Mrs Tribe has been a registered organ donor since she was 18 years old and encourages the community to do the same.
“As someone who is on both sides of the stick I would hope someone would be willing to donate,” she said.
“There’s so many different organs in the body that can help multiple people and that can be anybody of all ages.”
Dr Radford said one organ donor can save the lives of up to seven people and help many more through eye and tissue donation.
“For someone who is seriously ill, an organ or tissue transplant can mean the difference between life and death, being healthy or sick, seeing or being blind, or being active or never walking again,” he said.
“Transplantation enables people to resume an active role in their family, workplace, and community.”
Mrs Tribe hopes she’ll begin to get her life back, according to her doctor’s estimates, this year.
“They’re hoping sometime this year there will be a kidney with my name on it,” she said.
Shivone Broeckelmann isn’t so lucky, other health complications mean she isn’t eligible for a kidney transplant, dialysis is for life.

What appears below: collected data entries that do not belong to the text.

Lemma jtp_term_exp_subn a b N s : (0 < s <= N)%N -> (b <= a)%N ->
  jtp_term_exp a b N (N - s) = (jtp_term_exp a b N N + jtp_exp_neg a b s)%N.
Proof.
move=> /andP [s_gt0 le_sN] le_ba; rewrite /jtp_term_exp /jtp_exp_neg addnK.
have : (b * s <= a * s)%N by rewrite leq_mul2r le_ba orbT.
have : (a * (2 * 'C(s.+1, 2)) = a * (s.+1 * s))%N.
  by rewrite -mul_bin_diag bin1.
have [u ->] : exists u, N = (s + u)%N by exists (N - s)%N; lia.
have -> : (s + u - s = u)%N by lia.
have -> : (s + u + (s + u) - u = s + u + s)%N by lia.
rewrite bin2D binS bin1; have := bin2_sqr s.
lia.
Qed.

Lemma jtp_finite a b N : (0 < b)%N -> (b < a)%N ->
  jtp_prod a b N = qbinom 'X^a (N + N) N + \sum_(t < N) (-1) ^+ t.+1 *
    ('X^(jtp_exp_pos a b t.+1) * qbinom 'X^a (N + N) (N + t.+1) +
     'X^(jtp_exp_neg a b t.+1) * qbinom 'X^a (N + N) (N - t.+1)).
Proof.
move=> b_gt0 lt_ba; set K := jtp_term_exp a b N N.
have lreg_c : GRing.lreg ((-1) ^+ N * 'X^K : {poly R}).
  exact/lregM/monic_lreg/monicXn/lreg_sign.
apply: lreg_c; rewrite -prod_jtp_shift // qbinomial_theorem.
have termE i : 'X^a ^+ 'C(i, 2) * qbinom 'X^a (N + N) i * (- 'X^b) ^+ i *
      ('X^a ^+ N) ^+ (N + N - i) =
    (-1) ^+ i * 'X^(jtp_term_exp a b N i) * qbinom 'X^a (N + N) i :> {poly R}.
  by rewrite /jtp_term_exp -!exprM (exprNn 'X^b) -(exprM 'X b i) !mulnA !exprD; ring.
under eq_bigr => i _ do rewrite termE.
rewrite (sum_center (fun i =>
  (-1) ^+ i * 'X^(jtp_term_exp a b N i) * qbinom 'X^a (N + N) i)).
rewrite mulrDr big_distrr /=; congr (_ + _).
apply: eq_bigr => [[t /= lt_tN]] _.
rewrite jtp_term_exp_addn // jtp_term_exp_subn ?ltn0Sn //= -/K; last lia.
by rewrite !(exprD 'X K) (exprD (-1) N) sign_subn //; ring.
Qed.
(* Let $G^\sigma$ be a connected oriented graph of order $n\in\{2,3,4\}$ with $sr(G^\sigma)=2$. Then: (1) if $n=2$, $G^\sigma$ is the path $P_2^\sigma$ with arbitrary orientation; (2) if $n=3$, the underlying graph is $K_3$ or $P_3$ (with any orientation of the edges); (3) if $n=4$, $G^\sigma$ is one of: (a) an evenly-oriented cycle $C_4^\sigma$; (b) an orientation (arbitrary) of the star $K_{1,3}$; (c) an evenly-oriented orientation of $K_{1,1,2}$ (i.e. an orientation of $K_4$ minus an edge in which every cycle of length $4$ is evenly-oriented).
   Context: An oriented graph $G^\sigma$ is a simple graph $G$ (underlying graph) together with an orientation of each edge. Its skew-adjacency matrix $S(G^\sigma)=(s_{ij})$ has $s_{ij}=1$ if there is an arc from $v_i$ to $v_j$, $s_{ij}=-1$ if there is an arc from $v_j$ to $v_i$, and $0$ otherwise; the skew-rank $sr(G^\sigma)$ is the rank of $S(G^\sigma)$. For an even cycle $u_1\cdots u_ku_1$, its sign is the sign of $\prod_{i=1}^k s_{u_iu_{i+1}}$ ($u_{k+1}=u_1$); the cycle is evenly-oriented if this sign is positive. An oriented graph is evenly-oriented if every even cycle in it is evenly-oriented. $P_n$, $C_n$, $K_n$ denote path, cycle, complete graph on $n$ vertices; $K_{1,1,2}$ is the complete tripartite graph with parts of sizes $1,1,2$. *)

From HB Require Import structures.
From mathcomp Require Import all_boot all_order all_algebra.
Set Implicit Arguments. Unset Strict Implicit. Unset Printing Implicit Defensive.
Import Order.TTheory GRing.Theory Num.Theory.
Local Open Scope ring_scope.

She hopes the community understands how difficult it is to live in organ failure and considers helping others by registering.
“Putting your morbidity at the forefront really makes you think about what’s important and for me it’s family,” she said.
“That family that is donating, or that person that is donating, is giving that love on and is passing that family on. That’s how important it is.”
Mrs Broeckelmann is both a mum to three teenagers and an accomplished athlete.
Although her left leg was amputated as a child due to meningococcal sepsis it didn’t seem to slow her down.
Growing up in Maryborough she was a member of the Australian swim team between 13 and 18 years old.
Later she played full-time wheel-chair basketball for the Bendigo Braves, her “one true passion”.
But in 2022, following a heart attack, she discovered that her kidneys were at 16 percent function.
In 2024, they had dropped to around nine percent function and she ended up in a coma for 11 days.
“That’s what started my dialysis journey,” she said, but it also changed her life.
Mrs Broeckelmann goes to Bendigo Health for her dialysis, a seven hour process, multiple times a week.
She doesn’t have the energy for full-time work or sport anymore and dialysis takes her away from her family.
“I miss out on probably my most favourite part of the day, sitting down with my kids and my wife filling each other in on the day. I really hate that I’m not there for those times,” she said.
Between last Christmas and February, Mrs Broeckelmann said she “lost” three friends she made during dialysis.
Because of patient confidentiality she doesn’t always know what happened to them. Maybe they got a transplant, or moved or died.
“You sort of just don’t know what to do with that grief because you think that’s going to be me one day or another,” she said.
“I can extend my time here on Earth but it does make you — it comes to the forefront of your mind. It makes you think about your own death.”
Although Mrs Broeckelmann isn’t eligible for a kidney transplant she sometimes thinks about what that would mean for her.
“The words thank you wouldn’t even start to describe how truly huge that would be for me,” she said.
“I could live to see grandchildren, I could live until I’m 70, I could grow old with my wife, I could still achieve the goals that we had prior to my life going on pause.”
Dr Radford said he wants all Australians to register for organ and tissue donation.
“The most important thing people can do right now is to register as an organ and tissue donor at donatelife.gov.au or via your MyGov account. It only takes one minute to register. Then, tell your family you want to be a donor,” he said.